The panel discussion was entitled “Does the world have an answer to Islamic terror?”, and also featured Likud MK Dr. Anat Berko, a former IDF Lieutenant Colonel and lecturer or security issues, as well as Malcolm Hoenlein, the executive vice chairman of the Conference of Presidents of Major American Jewish Organizations, and Caroline Glick, Jerusalem Post deputy managing editor.
Berko said during her comments that she believes that jihadists have a duda
that drives their enthusiasm for political violence, using a street Hebrew term that describes an addict’s craving for drugs.
“They have a very familiar mindset to junkies, a duda, the compulsive feeling of a drug addict who wants his next fix. They are thinking about everything that is forbidden in this world.”
She also said that in order to fight terror, “we must stop with this PC [political correctness] and tell the truth, don’t try to put it in a nice way or you miss the way to define the enemy.”
Though the discussion was meant to tackle the war on terror, Ashkenazi was also asked about recent shakeups in Israeli politics, including the resignation of Defense Minister Moshe Ya'alon and the expectation that Avigdor Liberman will take his post and how that could affect Israel’s ties with the United States.
“I think that [former foreign minister] Mr.
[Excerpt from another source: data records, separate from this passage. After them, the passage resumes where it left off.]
End RidgeRegression.

Section PowerTail.
Variables (R : realType) (b : R).
Hypothesis b_gt0 : 0 < b.

Lemma powR_step_le (x : R) : 0 < x ->
  b * (x + 1) `^ (- (1 + b)) <= x `^ (- b) - (x + 1) `^ (- b).
Proof.
move=> x0; have x1 : 0 < x + 1 by lra.
have ln_gap : (x + 1)^-1 <= ln (x + 1) - ln x.
  suff : ln x - ln (x + 1) <= - (x + 1)^-1 by lra.
  have -> : ln x - ln (x + 1) = ln (1 + - (x + 1)^-1).
    by rewrite -lnV ?posrE // -lnM ?posrE ?invr_gt0 //; congr ln; field; lra.
  by apply: le_ln1Dx; rewrite ltrN2 invf_lt1 //; lra.
have xE : x `^ (- b) = (x + 1) `^ (- b) * expR (b * (ln (x + 1) - ln x)).
  by rewrite /powR !gt_eqF // -expRD; congr expR; ring.
have x1E : (x + 1) `^ (- (1 + b)) = (x + 1) `^ (- b) * (x + 1)^-1.
  rewrite /powR gt_eqF // -[(x + 1)^-1]lnK ?posrE ?invr_gt0 // lnV ?posrE //.
  by rewrite -expRD; congr expR; ring.
rewrite xE x1E -[X in _ <= _ - X]mulr1 -mulrBr mulrCA ler_wpM2l ?powR_ge0 //.
have := expR_ge1Dx (b * (ln (x + 1) - ln x)).
have := ler_wpM2l (ltW b_gt0) ln_gap; lra.
Qed.

Lemma sum_powR_tail_le (J n : nat) : (0 < J)%N ->
  \sum_(J <= j < n) (j.+1)%:R `^ (- (1 + b)) <= J%:R `^ (- b) / b.
Proof.
move=> J0; have [nJ|Jn] := leqP n J.
  by rewrite big_geq // divr_ge0 ?powR_ge0 // ltW.
set F := fun j : nat => j%:R `^ (- b) : R.
apply: le_trans (_ : \sum_(J <= j < n) (F j - F j.+1) / b <= _).
  apply: ler_sum_nat => j /andP [Jj _]; rewrite ler_pdivlMr // mulrC /F -natr1.
  by apply: powR_step_le; rewrite ltr0n (leq_trans J0).
rewrite -mulr_suml ler_pM2r ?invr_gt0 //.
rewrite (telescope_sumr_eq (fun j => - F j) _ (ltnW Jn)) => [|j _]; last first.
  by rewrite opprK addrC.
by rewrite opprK addrC lerBlDr lerDl powR_ge0.
Qed.

Lemma sum_min_le (n : nat) (a : 'I_n -> R) (al th : R) (J : nat) :
  0 <= al -> 0 <= th -> (0 < J)%N ->
  (forall j : 'I_n, a j <= al * (j.+1)%:R `^ (- (1 + b))) ->
  \sum_j Num.min th (a j) <= J%:R * th + al * J%:R `^ (- b) / b.
Proof.
move=> al0 th0 J0 a_le.
pose u k : R := if (k < J)%N then th else al * (k.+1)%:R `^ (- (1 + b)).
have u0 k : 0 <= u k by rewrite /u; case: ifP => // _; rewrite mulr_ge0 ?powR_ge0.
apply: le_trans (_ : \sum_(0 <= k < maxn n J) u k <= _).
  apply: le_trans (_ : \sum_(0 <= k < n) u k <= _).
    rewrite big_mkord; apply: ler_sum => j _; rewrite /u.
    by case: ifP => _; [rewrite ge_min lexx | rewrite ge_min a_le orbT].
  by rewrite (big_cat_nat _ (leq_maxl n J)) //= lerDl sumr_ge0.
rewrite (big_cat_nat _ (leq_maxr n J)) //= -mulrA lerD //.
  rewrite (eq_big_nat _ _ (F2 := fun=> th)) => [|k /andP [_ kJ]]; last by rewrite /u kJ.
  by rewrite sumr_const_nat subn0 mulr_natl.
rewrite (eq_big_nat _ _ (F2 := fun k => al * (k.+1)%:R `^ (- (1 + b)))); last first.
  by move=> k /andP [Jk _]; rewrite /u ltnNge Jk.
by rewrite -mulr_sumr ler_wpM2l // sum_powR_tail_le.
Qed.

Lemma ab_class_sum_min_le P D (c : param P D -> R) (al th : R) (J : nat) :
  ab_class c al b -> 0 <= al -> 0 <= th -> (0 < J)%N ->
  \sum_t Num.min th `|c t| <= J%:R * th + al * J%:R `^ (- b) / b.
Proof.
move=> [s [s_bij _ s_le]] al0 th0 J0.
rewrite (reindex s) /=; last exact: onW_bij.
exact: (sum_min_le (a := fun j => `|c (s j)|)).
Qed.

Lemma ab_class_sum_le P D (c : param P D -> R) (al : R) :
  ab_class c al b -> 0 <= al -> \sum_t `|c t| <= al + al / b.
Proof.
move=> abc al0; have c_le t : `|c t| <= al.
  case: (abc) => s [[s' ss' s's] _ s_le]; rewrite -[t]s's.
  apply: le_trans (s_le _) _; rewrite -[leRHS]mulr1 ler_wpM2l //.
  rewrite -[leRHS](powRr0 (s' t).+1%:R); apply: ler_powR; rewrite ?ler1n //.
  by rewrite oppr_le0 addr_ge0 // ltW.
under eq_bigr => t _ do rewrite -(min_idPr (c_le t)).
apply: le_trans (ab_class_sum_min_le abc al0 al0 (ltn0Sn 0)) _.
by rewrite powR1 mul1r mulr1.
Qed.

End PowerTail.

Lemma sum_pow1B_lt (R : realType) (T : finType) (p : T -> R) (I : {pred T})
    (Z Q delta : R) (N : nat) :
  0 < Z -> (forall t, 0 <= p t <= 1) -> (forall t, t \in I -> (2 * Z)^-1 <= p t) ->
  #|I|%:R <= 2 * Z -> 2 * Z <= Q -> 0 < delta -> Q * ln (Q / delta) < N%:R ->
  \sum_(t in I) (1 - p t) ^+ N < delta.
Proof.
move=> Z0 p01 pI cardI ZQ delta0 N_gt; have Q0 : 0 < Q by lra.
have miss_sum : \sum_(t in I) (1 - p t) ^+ N <= #|I|%:R * expR (- (N%:R / (2 * Z))).
  rewrite mulr_natl -sumr_const; apply: ler_sum => t tI.
  by apply: le_trans (pow1B_le_expR _ (p01 t)) _; rewrite ler_expR lerN2 ler_wpM2l ?pI.
have card_exp : #|I|%:R * expR (- (N%:R / (2 * Z))) <= Q * expR (- (N%:R / Q)).
  apply: ler_pM; rewrite ?ler0n ?expR_ge0 ?(le_trans cardI) //.
  by rewrite ler_expR lerN2 ler_wpM2l // lef_pV2 ?posrE ?mulr_gt0.
apply: le_lt_trans (le_trans miss_sum card_exp) _.
have : expR (- (N%:R / Q)) < delta / Q.
  rewrite -[delta / Q]lnK ?posrE ?divr_gt0 // ltr_expR.
  rewrite -[delta / Q]invf_div lnV ?posrE ?divr_gt0 //.
  by rewrite ltrN2 ltr_pdivlMr // mulrC.
by rewrite ltr_pdivlMr // [_ * Q]mulrC.
Qed.

Section IidSampling.
Variables (R : realType) (P D : nat).
Implicit Types (p : param P D -> R) (I : {pred param P D}).

Local Notation indicator b := (if b then 1 else 0 : R).

Lemma prob_iid_nil p (E : {ffun 'I_0 -> param P D} -> Prop) :
  (forall s, E s) -> prob_iid p E = 1.
Proof.
move=> allE; rewrite /prob_iid (big_pred1 [ffun=> (0, 0)]) => [|s]; last first.
  by apply/esym/eqP/ffunP => -[].
by rewrite big_ord0 mul1r asboolT.
Qed.

Lemma prob_iid_total N p : \sum_t p t = 1 ->
  \sum_(s : {ffun 'I_N -> param P D}) \prod_i p (s i) = 1.
Proof.
by move=> p1; rewrite -(bigA_distr_bigA (fun _ => p)) /= p1 prodr_const expr1n.
Qed.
Liberman has demonstrated as foreign minster a pragmatic approach in his relationship with the United States. I think the relationship is deep rooted in both defense establishments and I would not be worried about the nature of this relationship or the depth of understanding.”
Ashkenazi, seen as a possible national political figure in the near future, said when asked by Jerusalem Post
Editor in Chief Yaakov Katz about his plans only that “you’ll do your job I’ll do mine.”